#### Data supplied
(* In the standing setup below, every $\phi\in\mathrm{Dr}_1(\mathbf{A}_{\mathcal H},L)$ is $\overline L$-isomorphic to some $\psi\in\mathrm{Dr}_1(\mathbf{A}_{\mathcal H},L)$ with $\psi_{\overline Y}=\tau_L$.
   Context: Standing setup: $\mathbb{F}_q$ is the finite field with $q$ elements. Let $d\ge5$ be odd, $m$ a positive divisor of $d$, $p\in\mathbb{F}_q[X]$ monic irreducible of degree $d/m$, $f=\alpha p^m$ with $\alpha\in\mathbb{F}_q^\times$, and $h\in\mathbb{F}_q[X]$ nonzero of degree $\le(d-1)/2$ and not divisible by $p$. Let $\xi=Y^2+h(X)Y-f(X)$ and assume the affine plane curve $\mathcal H:\xi=0$ is nonsingular. Let $\mathbf{A}_{\mathcal H}=\mathbb{F}_q[X][Y]/(\xi)$, $\mathfrak{p}=\langle p(\overline X),\overline Y\rangle$, $L$ a degree-$m$ extension of $\mathbf{A}_{\mathcal H}/\mathfrak{p}$ (so $[L:\mathbb{F}_q]=d$), $\gamma:\mathbf{A}_{\mathcal H}\to\mathbf{A}_{\mathcal H}/\mathfrak{p}\hookrightarrow L$. $L\{\tau\}$ is the Ore polynomial ring with $\tau a=a^q\tau$; $\tau_L=\tau^d$. A Drinfeld $\mathbf{A}_{\mathcal H}$-module over $L$ is an $\mathbb{F}_q$-algebra morphism $\phi:\mathbf{A}_{\mathcal H}\to L\{\tau\}$ with constant coefficient of $\phi_a$ equal to $\gamma(a)$ and some $\phi_a$ nonconstant; rank $1$ means $\deg_\tau\phi_a=\log_q\#(\mathbf{A}_{\mathcal H}/a\mathbf{A}_{\mathcal H})$ for all $a\ne0$; $\mathrm{Dr}_1(\mathbf{A}_{\mathcal H},L)$ is the set of these. $\phi,\psi$ are $\overline L$-isomorphic if $\lambda\phi_a\lambda^{-1}=\psi_a$ for all $a$, for some $\lambda\in\overline L^\times$. *)

From HB Require Import structures.
From mathcomp Require Import all_boot all_order all_algebra all_field.
From mathcomp Require Import ring_quotient generic_quotient closed_field.

Set Implicit Arguments.
Unset Strict Implicit.
Unset Printing Implicit Defensive.

Import GRing.Theory.
Local Open Scope ring_scope.
Local Open Scope quotient_scope.

Definition xi (F : fieldType) (h f : {poly F}) : {poly {poly F}} :=
  'X^2 + h%:P * 'X - f%:P.

Lemma size_xi_low (F : fieldType) (h f : {poly F}) :
  (size (h%:P * 'X - f%:P : {poly {poly F}})%R < 3)%N.
Proof.
apply: (leq_ltn_trans (size_polyD _ _)); rewrite gtn_max size_polyN size_polyC.
rewrite (leq_ltn_trans (leq_b1 _)) // andbT.
apply: (leq_ltn_trans (size_polyMleq _ _)); rewrite size_polyX size_polyC.
by case: (_ != _).
Qed.

Lemma xi_monic (F : fieldType) (h f : {poly F}) : xi h f \is monic.
Proof.
by rewrite /xi -addrA monicE lead_coefDl ?lead_coefXn // size_polyXn size_xi_low.
Qed.

Lemma size_xi (F : fieldType) (h f : {poly F}) : size (xi h f) = 3%N.
Proof.
rewrite /xi -addrA size_polyDl; first by rewrite size_polyXn.
by rewrite size_polyXn size_xi_low.
Qed.

Definition xi_ideal (F : fieldType) (h f : {poly F}) : {pred {poly {poly F}}} :=
  fun P => Pdiv.Ring.rdvdp (xi h f) P.

Lemma xi_ideal_closed (F : fieldType) (h f : {poly F}) :
  idealr_closed (xi_ideal h f).
Proof.
have mon := xi_monic h f.
split.
- by rewrite unfold_in /xi_ideal Pdiv.Ring.rdvdp0.
- rewrite unfold_in /xi_ideal /Pdiv.Ring.rdvdp Pdiv.Ring.rmodp_small ?oner_eq0 //.
  by rewrite size_poly1 size_xi.
- move=> a u v; rewrite !unfold_in /xi_ideal.
  move=> /(Pdiv.RingMonic.rdvdpP mon) [qu ->] /(Pdiv.RingMonic.rdvdpP mon) [qv ->].
  by apply/(Pdiv.RingMonic.rdvdpP mon); exists (a * qu + qv); rewrite mulrDl mulrA.
Qed.

HB.instance Definition _ (F : fieldType) (h f : {poly F}) :=
  isIdealr.Build _ (xi_ideal h f) (xi_ideal_closed h f).


Notation AH h f := {ideal_quot (xi_ideal h f)}.

Definition AHpi (F : fieldType) (h f : {poly F}) (P : {poly {poly F}}) : AH h f :=
  \pi_(AH h f) P.

Definition Xbar (F : fieldType) (h f : {poly F}) : AH h f := AHpi h f ('X%:P).
Definition Ybar (F : fieldType) (h f : {poly F}) : AH h f := AHpi h f 'X.
Definition AHconst (F : fieldType) (h f : {poly F}) (c : F) : AH h f :=
  AHpi h f (c%:P%:P).
Definition in_frakp (F : fieldType) (h f p : {poly F}) (a : AH h f) : Prop :=
  exists u v : AH h f, a = u * AHpi h f (p%:P) + v * Ybar h f.

Definition alg_closure (K : countFieldType) : countClosedFieldType :=
  projT1 (countable_algebraic_closure K).
Definition to_alg_closure (K : countFieldType) : {rmorphism K -> alg_closure K} :=
  sval (projT2 (countable_algebraic_closure K)).
(* Let $G$ be an edge-colored graph of order $n\geq 6$ such that $|CN(u)\cup CN(v)|\geq n-1$ for every pair of vertices $u$ and $v$ in $V(G)$. Then $G$ contains a rainbow $C_3$ unless $G$ is a rainbow $K_{\lceil n/2\rceil,\lfloor n/2\rfloor}$ (i.e. $G$ is a complete bipartite graph with parts of sizes $\lceil n/2\rceil,\lfloor n/2\rfloor$ all of whose edges have distinct colors).
   Context: An edge-colored graph is a finite simple graph $G$ with a map $C:E(G)\to\mathbb{N}$. For $v\in V(G)$, the color neighborhood $CN(v)$ is the set of colors assigned to edges incident to $v$. A subgraph is rainbow if all its edges have distinct colors; $C_3$ is a triangle. *)

From mathcomp Require Import all_boot.
Set Implicit Arguments. Unset Strict Implicit. Unset Printing Implicit Defensive.

Definition simple_graph (T : finType) (e : rel T) : Prop :=
  (forall x y, e x y = e y x) /\ (forall x, ~~ e x x).

(* An edge coloring is given by a symmetric c : T -> T -> nat;
   only its values on edges matter. *)
Definition sym_coloring (T : finType) (c : T -> T -> nat) : Prop :=
  forall x y, c x y = c y x.

(* Color neighborhood CN(v), as a sequence (possibly with repetitions). *)
Definition CN (T : finType) (e : rel T) (c : T -> T -> nat) (v : T) : seq nat :=
  [seq c v u | u <- enum T & e v u].

Definition CN_union_card (T : finType) (e : rel T) (c : T -> T -> nat) (u v : T) : nat :=
  size (undup (CN e c u ++ CN e c v)).

Definition has_rainbow_C3 (T : finType) (e : rel T) (c : T -> T -> nat) : Prop :=
  exists x y z : T, [/\ e x y, e y z & e z x] /\
    [/\ c x y != c y z, c y z != c z x & c z x != c x y].

Definition rainbow_graph (T : finType) (e : rel T) (c : T -> T -> nat) : Prop :=
  forall x y x' y', e x y -> e x' y' -> c x y = c x' y' ->
    (x = x' /\ y = y') \/ (x = y' /\ y = x').

(* G is the complete bipartite graph K_{ceil(n/2), floor(n/2)}, n = #|T|. *)
Definition is_balanced_complete_bipartite (T : finType) (e : rel T) : Prop :=
  exists A : {set T}, #|A| = #|T| - #|T| %/ 2 /\
    forall x y, e x y = ((x \in A) != (y \in A)).

From mathcomp Require Import all_boot zify.
From Stdlib Require Import Classical.
Set Implicit Arguments. Unset Strict Implicit. Unset Printing Implicit Defensive.

(* Assume G has no rainbow triangle and let uv be an edge of color a. Every
   color of CN(u) ∪ CN(v) other than a is witnessed by some w outside {u, v}:
   it is the color of uw if uw is an edge not colored a, and otherwise the color
   of vw, because the non-rainbow triangle uvw forces c(vw) = c(uw) when both
   differ from a. Hence |CN(u) ∪ CN(v)| <= 1 + (n - 2), and the hypothesis
   forces every w outside {u, v} to be a witness, distinct witnesses giving
   distinct colors. Consequently a vertex seeing some color twice is
   monochromatic, which quickly produces a rainbow triangle; so the coloring is
   proper, G is triangle-free, and every vertex is adjacent to an end of every
   edge, i.e. G is complete bipartite. The degree condition then balances the
   two parts, and the injectivity of witnesses makes G rainbow. *)

Lemma CNP (T : finType) (e : rel T) (c : T -> T -> nat) u a :
  reflect (exists2 t, e u t & a = c u t) (a \in CN e c u).
Proof.
apply: (iffP mapP) => [[t] | [t eut ->]].
  by rewrite mem_filter mem_enum andbT => eut ->; exists t.
by exists t; rewrite // mem_filter mem_enum eut.
Qed.

Lemma size_CN (T : finType) (e : rel T) (c : T -> T -> nat) u (S : {set T}) :
  (forall t, e u t = (t \in S)) -> size (CN e c u) = #|S|.
Proof.
move=> eS; rewrite size_map size_filter cardE /enum_mem size_filter count_filter.
by apply: eq_count => t; rewrite /= eS andbT.
Qed.

Lemma size_undup_subset (U : eqType) (s1 s2 : seq U) :
  {subset s1 <= s2} -> size (undup s1) <= size (undup s2).
Proof.
by move=> s12; apply: uniq_leq_size (undup_uniq s1) _ => x; rewrite !mem_undup => /s12.
Qed.

Lemma dominating_triangle_free_bipartite (T : finType) (e : rel T) v :
  (forall x y, e x y = e y x) ->
  (forall x y z, e x y -> e y z -> e z x -> False) ->
  (forall p q t, e p q -> t != p -> t != q -> e p t || e q t) ->
  forall x y, e x y = (e v x != e v y).
Proof.
move=> e_sym triangle_free dominating.
have cross x y : e v x -> ~~ e v y -> e x y.
  move=> evx nvy; have [->|yv] := eqVneq y v; first by rewrite e_sym.
  have yx : y != x by apply: contraNneq nvy => ->.
  by have /orP[] := dominating v x y evx yv yx; rewrite ?(negbTE nvy).
move=> x y; have [evx|nvx] := boolP (e v x); have [evy|nvy] := boolP (e v y) => /=.
- by apply/negP => exy; apply: (triangle_free v x y) => //; rewrite e_sym.
- exact: cross.
- by rewrite e_sym; apply: cross.
apply/negP => exy.
have vx : v != x by apply: contraNneq nvy => ->.
have vy : v != y by apply: contraNneq nvx => ->; rewrite e_sym.
by have /orP[] := dominating x y v exy vx vy; rewrite e_sym ?(negbTE nvx) ?(negbTE nvy).
Qed.

Section ColorDegreeCondition.

Variables (T : finType) (e : rel T) (c : T -> T -> nat).
Hypothesis e_sym : forall x y, e x y = e y x.
Hypothesis e_irr : forall x, ~~ e x x.
Hypothesis c_sym : sym_coloring c.
Hypothesis color_degree : forall u v : T, u != v -> #|T| - 1 <= CN_union_card e c u v.

Lemma edge_neq x y : e x y -> x != y.
Proof. by apply: contraTneq => ->. Qed.

Lemma monochromatic_pair_card u x a b : u != x ->
  (forall t, e u t -> c u t = a) -> (forall t, e x t -> c x t = b) -> #|T| <= 3.
Proof.
move=> ux mono_u mono_x; have := color_degree ux; rewrite /CN_union_card.
have : size (undup (CN e c u ++ CN e c x)) <= size [:: a; b].
  apply: uniq_leq_size (undup_uniq _) _ => col.
  rewrite mem_undup mem_cat => /orP[] /CNP[t et ->].
    by rewrite (mono_u t et) mem_head.
  by rewrite (mono_x t et) !inE eqxx orbT.
by rewrite /=; lia.
Qed.

Lemma exists_edge : 1 < #|T| -> exists u v, e u v.
Proof.
move=> n_gt1; have /card_gt1P[u [v [_ _ uv]]] := n_gt1.
have : 0 < size (CN e c u ++ CN e c v).
  apply: leq_trans (size_undup _); apply: leq_trans (color_degree uv); lia.
case E: (CN e c u ++ CN e c v) => [|a s] // _.
have : a \in CN e c u ++ CN e c v by rewrite E mem_head.
by rewrite mem_cat => /orP[] /CNP[t et _]; [exists u, t | exists v, t].
Qed.

Hypothesis no_rainbow : ~ has_rainbow_C3 e c.

Lemma non_rainbow_triangle x y z : e x y -> e y z -> e z x ->
  c x y != c y z -> c z x != c x y -> c y z = c z x.
Proof.
move=> exy eyz ezx cxy_yz czx_xy; have [//|cyz_zx] := eqVneq (c y z) (c z x).
by case: no_rainbow; exists x, y, z.
Qed.

Definition is_witness u v w :=
  (e u w && (c u w != c u v)) || (e v w && (c v w != c u v)).

Definition witnesses u v := [set w | is_witness u v w].

Definition witness_color u v w := if e u w && (c u w != c u v) then c u w else c v w.

Lemma CN_union_sub_witness_colors u v : e u v ->
  {subset CN e c u ++ CN e c v <= c u v :: image (witness_color u v) (witnesses u v)}.
Proof.
move=> euv a; rewrite mem_cat in_cons => /orP[] /CNP[t et ->].
- have [->//|cut /=] := eqVneq (c u t) (c u v).
  apply/imageP; exists t; first by rewrite inE /is_witness et cut.
  by rewrite /witness_color et cut.
- have [->//|cvt /=] := eqVneq (c v t) (c u v).
  apply/imageP; exists t; first by rewrite inE /is_witness et cvt orbT.
  rewrite /witness_color; case: ifP => // /andP[eut cut].
  rewrite (c_sym u t); apply: non_rainbow_triangle => //.
  - by rewrite e_sym.
  - by rewrite eq_sym.
  - by rewrite c_sym.
Qed.

Lemma edge_saturated u v : e u v ->
  witnesses u v = ~: [set u; v] /\ uniq (image (witness_color u v) (witnesses u v)).
Proof.
move=> euv; have uv := edge_neq euv.
set P := witnesses u v; set D := ~: [set u; v]; set s := image (witness_color u v) P.
have PD : P \subset D.
  apply/subsetP => w; rewrite !inE /is_witness; apply: contraTN => /orP[]/eqP->.
    by rewrite (negbTE (e_irr u)) (c_sym v u) eqxx andbF.
  by rewrite (negbTE (e_irr v)) eqxx andbF.
have cardD : #|D| + 2 = #|T| by rewrite -(cardsC [set u; v]) cards2 uv addnC.
have deg_le : #|T| - 1 <= (size (undup s)).+1.
  apply: leq_trans (color_degree uv) _.
  apply: leq_trans (size_undup_subset (CN_union_sub_witness_colors euv)) _.
  by rewrite /=; case: ifP.
have undup_le : size (undup s) <= #|P|.
  by rewrite -(size_image (witness_color u v)); apply: size_undup.
have P_le := subset_leq_card PD.
have PeqD : P = D by apply/eqP; rewrite eqEcard PD /=; lia.
split=> //; apply/negPn; rewrite -ltn_size_undup -leqNgt size_image; lia.
Qed.

Lemma witness_of_edge u v w : e u v -> w != u -> w != v -> is_witness u v w.
Proof.
move=> euv wu wv; have [PD _] := edge_saturated euv.
have : w \in ~: [set u; v] by rewrite !inE negb_or wu wv.
by rewrite -PD inE.
Qed.

Lemma witness_color_inj u v : e u v -> {in ~: [set u; v] &, injective (witness_color u v)}.
Proof. by case/edge_saturated => <- uniq_colors; apply/dinjectiveP. Qed.

Lemma edge_dominating p q t : e p q -> t != p -> t != q -> e p t || e q t.
Proof.
by move=> epq tp tq; case/orP: (witness_of_edge epq tp tq) => /andP[-> _]; rewrite ?orbT.
Qed.

Lemma repeated_color_monochromatic u y z t :
  e u y -> e u z -> y != z -> c u y = c u z -> e u t -> c u t = c u y.
Proof.
move=> euy euz yz cyz eut; have [//|cty] := eqVneq (c u t) (c u y).
have yu : y != u by rewrite eq_sym edge_neq.
have zu : z != u by rewrite eq_sym edge_neq.
have yt : y != t by apply: contra_neq cty => <-.
have zt : z != t by apply: contra_neq cty => <-; rewrite cyz.
case/eqP: yz; apply: (witness_color_inj eut); rewrite ?inE ?negb_or ?yu ?yt ?zu ?zt //.
by rewrite /witness_color euy euz -cyz eq_sym cty.
Qed.

Lemma monochromatic_neighbor u v t a : (forall s, e u s -> c u s = a) ->
  e u v -> t != u -> t != v -> e v t && (c v t != a).
Proof.
move=> mono_u euv tu tv; move: (witness_of_edge euv tu tv).
rewrite /is_witness (mono_u v euv); case eut: (e u t) => //=.
by rewrite (mono_u t eut) eqxx.
Qed.

Lemma proper_coloring u y z : 3 < #|T| -> e u y -> e u z -> c u y = c u z -> y = z.
Proof.
move=> n_gt3 euy euz cyz; have [//|yz] := eqVneq y z; exfalso.
set a := c u y.
have mono_u t : e u t -> c u t = a := repeated_color_monochromatic euy euz yz cyz.
have distinct_at p q r : e u p -> e p q -> e p r -> q != r -> c p q != a -> c p q != c p r.
  move=> eup epq epr qr cpq_a; apply: contra_neq cpq_a => cqr.
  have epu : e p u by rewrite e_sym.
  by rewrite -(repeated_color_monochromatic epq epr qr cqr epu) c_sym mono_u.
have [x] : exists x, x \in ~: [set u; y; z].
  apply/card_gt0P; have := cardsC [set u; y; z].
  have : #|[set u; y; z]| <= 3.
    by rewrite -setUA cardsU1 cards2; case: (_ \notin _); case: (y != z).
  lia.
rewrite !inE !negb_or => /andP[/andP[xu xy] xz].
have zu : z != u by rewrite eq_sym edge_neq.
have zy : z != y by rewrite eq_sym.
have /andP[eyz cyz_a] := monochromatic_neighbor mono_u euy zu zy.
have /andP[eyx cyx_a] := monochromatic_neighbor mono_u euy xu xy.
have /andP[ezx czx_a] := monochromatic_neighbor mono_u euz xu xz.
apply: no_rainbow; exists y, z, x; split; first by split; rewrite // e_sym.
split.
- rewrite (c_sym y z); apply: distinct_at;
    by rewrite ?(e_sym z y) ?(eq_sym y x) ?(c_sym z y).
- apply/eqP; rewrite (c_sym z x) => cxz_xy.
  have exz : e x z by rewrite e_sym.
  have exy : e x y by rewrite e_sym.
  have mono_x t : e x t -> c x t = c x z := repeated_color_monochromatic exz exy zy cxz_xy.
  by move: n_gt3; rewrite ltnNge (monochromatic_pair_card (_ : u != x) mono_u mono_x) // eq_sym.
- by rewrite (c_sym x y); apply: distinct_at.
Qed.

Lemma triangle_free x y z : 3 < #|T| -> e x y -> e y z -> e z x -> False.
Proof.
move=> n_gt3 exy eyz ezx; apply: no_rainbow; exists x, y, z; split=> //.
have distinct_at p q r : e q p -> e p r -> e r q -> c p q != c p r.
  move=> eqp epr erq; apply: contra_neq (edge_neq erq) => cpq_pr.
  by apply/esym/(proper_coloring n_gt3 _ epr cpq_pr); rewrite e_sym.
split.
- by rewrite (c_sym x y); apply: distinct_at exy eyz ezx.
- by rewrite (c_sym y z); apply: distinct_at eyz ezx exy.
- by rewrite (c_sym z x); apply: distinct_at ezx exy eyz.
Qed.

Lemma same_color_path_ends x y x' y' : 3 < #|T| ->
  e x y -> e x x' -> e x' y' -> c x y = c x' y' -> y = x' /\ y' = x.
Proof.
move=> n_gt3 exy exx' ex'y' cc.
have [yx'|yx'] := eqVneq y x'.
  split=> //; apply/esym/(proper_coloring n_gt3 _ ex'y'); first by rewrite e_sym.
  by rewrite c_sym -cc yx'.
have [y'x|y'x] := eqVneq y' x.
  split=> //; apply: (proper_coloring n_gt3 exy exx').
  by rewrite cc y'x c_sym.
exfalso; suff yy' : y = y'.
  have eyx : e y x by rewrite e_sym.
  have eyx' : e y x' by rewrite yy' e_sym.
  have cyx : c y x = c y x' by rewrite c_sym cc -yy' c_sym.
  by move: (edge_neq exx'); rewrite (proper_coloring n_gt3 eyx eyx' cyx) eqxx.
apply: (witness_color_inj exx').
- by rewrite !inE negb_or yx' eq_sym edge_neq.
- by rewrite !inE negb_or y'x eq_sym edge_neq.
have cxy_xx' : c x y != c x x'.
  by apply: contra_neq yx'; apply: proper_coloring.
have nexy' : e x y' = false.
  by apply/negP => exy'; apply: (triangle_free n_gt3 exx' ex'y'); rewrite e_sym.
by rewrite /witness_color exy cxy_xx' nexy'.
Qed.

Lemma rainbow_coloring : 3 < #|T| -> rainbow_graph e c.
Proof.
move=> n_gt3 x y x' y' exy ex'y' cc.
have : e x x' || e x y'.
  have [<-|xx'] := eqVneq x' x; first by rewrite ex'y' orbT.
  have [<-|xy'] := eqVneq y' x; first by rewrite e_sym ex'y'.
  by rewrite (e_sym x) (e_sym x) edge_dominating // eq_sym.
case/orP => [exx' | exy'].
  by have [-> ->] := same_color_path_ends n_gt3 exy exx' ex'y' cc; right.
have ey'x' : e y' x' by rewrite e_sym.
by have [-> ->] := same_color_path_ends n_gt3 exy exy' ey'x' (etrans cc (c_sym _ _)); left.
Qed.

Lemma part_card_bound (A : {set T}) : (forall x y, e x y = ((x \in A) != (y \in A))) ->
  1 < #|A| -> #|T| - 1 <= 2 * #|~: A|.
Proof.
move=> bip /card_gt1P[x [x' [xA x'A xx']]].
have deg t : t \in A -> size (CN e c t) = #|~: A|.
  by move=> tA; apply: size_CN => s; rewrite bip tA inE.
apply: leq_trans (color_degree xx') _; apply: leq_trans (size_undup _) _.
by rewrite size_cat !deg // addnn -mul2n.
Qed.

Lemma balanced_complete_bipartite (A : {set T}) x y : 3 < #|T| -> x \in A -> y \notin A ->
  (forall x y, e x y = ((x \in A) != (y \in A))) -> is_balanced_complete_bipartite e.
Proof.
move=> n_gt3 xA yA bip.
have bipC x' y' : e x' y' = ((x' \in ~: A) != (y' \in ~: A)).
  by rewrite !inE bip; case: (_ \in A); case: (_ \in A).
have boundC := part_card_bound bip; have := part_card_bound bipC; rewrite setCK => boundA.
have A_gt0 : 0 < #|A| by apply/card_gt0P; exists x.
have C_gt0 : 0 < #|~: A| by apply/card_gt0P; exists y; rewrite inE.
have cardA := cardsC A.
have [A_bal | A_unbal] := eqVneq #|A| (#|T| - #|T| %/ 2); first by exists A.
by exists (~: A); split => //; lia.
Qed.

Lemma balanced_rainbow_bipartite :
  3 < #|T| -> is_balanced_complete_bipartite e /\ rainbow_graph e c.
Proof.
move=> n_gt3; split; last exact: rainbow_coloring.
have [u [v euv]] := exists_edge (ltnW (ltnW n_gt3)).
apply: (@balanced_complete_bipartite [set x | e v x] u v) => //.
- by rewrite inE e_sym.
- by rewrite inE e_irr.
move=> x y; rewrite !inE; apply: dominating_triangle_free_bipartite => //.
- by move=> p q r; apply: triangle_free.
- exact: edge_dominating.
Qed.

End ColorDegreeCondition.

Theorem theorem7 (T : finType) (e : rel T) (c : T -> T -> nat) :
  simple_graph e -> sym_coloring c ->
  6 <= #|T| ->
  (forall u v : T, u != v -> #|T| - 1 <= CN_union_card e c u v) ->
  has_rainbow_C3 e c \/ (is_balanced_complete_bipartite e /\ rainbow_graph e c).
Proof.
move=> [e_sym e_irr] c_sym n_ge6 color_degree.
have [rainbow_C3 | no_rainbow] := classic (has_rainbow_C3 e c); [by left | right].
exact: balanced_rainbow_bipartite e_sym e_irr c_sym color_degree no_rainbow (leq_trans _ n_ge6).
Qed.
########
Exercise directions
Using only the entries above, output the line with "- have [->//|cvt", the line with "have : w \in", and all lines between them, exactly as they stand.

Task solution
- have [->//|cvt /=] := eqVneq (c v t) (c u v).
  apply/imageP; exists t; first by rewrite inE /is_witness et cvt orbT.
  rewrite /witness_color; case: ifP => // /andP[eut cut].
  rewrite (c_sym u t); apply: non_rainbow_triangle => //.
  - by rewrite e_sym.
  - by rewrite eq_sym.
  - by rewrite c_sym.
Qed.

Lemma edge_saturated u v : e u v ->
  witnesses u v = ~: [set u; v] /\ uniq (image (witness_color u v) (witnesses u v)).
Proof.
move=> euv; have uv := edge_neq euv.
set P := witnesses u v; set D := ~: [set u; v]; set s := image (witness_color u v) P.
have PD : P \subset D.
  apply/subsetP => w; rewrite !inE /is_witness; apply: contraTN => /orP[]/eqP->.
    by rewrite (negbTE (e_irr u)) (c_sym v u) eqxx andbF.
  by rewrite (negbTE (e_irr v)) eqxx andbF.
have cardD : #|D| + 2 = #|T| by rewrite -(cardsC [set u; v]) cards2 uv addnC.
have deg_le : #|T| - 1 <= (size (undup s)).+1.
  apply: leq_trans (color_degree uv) _.
  apply: leq_trans (size_undup_subset (CN_union_sub_witness_colors euv)) _.
  by rewrite /=; case: ifP.
have undup_le : size (undup s) <= #|P|.
  by rewrite -(size_image (witness_color u v)); apply: size_undup.
have P_le := subset_leq_card PD.
have PeqD : P = D by apply/eqP; rewrite eqEcard PD /=; lia.
split=> //; apply/negPn; rewrite -ltn_size_undup -leqNgt size_image; lia.
Qed.

Lemma witness_of_edge u v w : e u v -> w != u -> w != v -> is_witness u v w.
Proof.
move=> euv wu wv; have [PD _] := edge_saturated euv.
have : w \in ~: [set u; v] by rewrite !inE negb_or wu wv.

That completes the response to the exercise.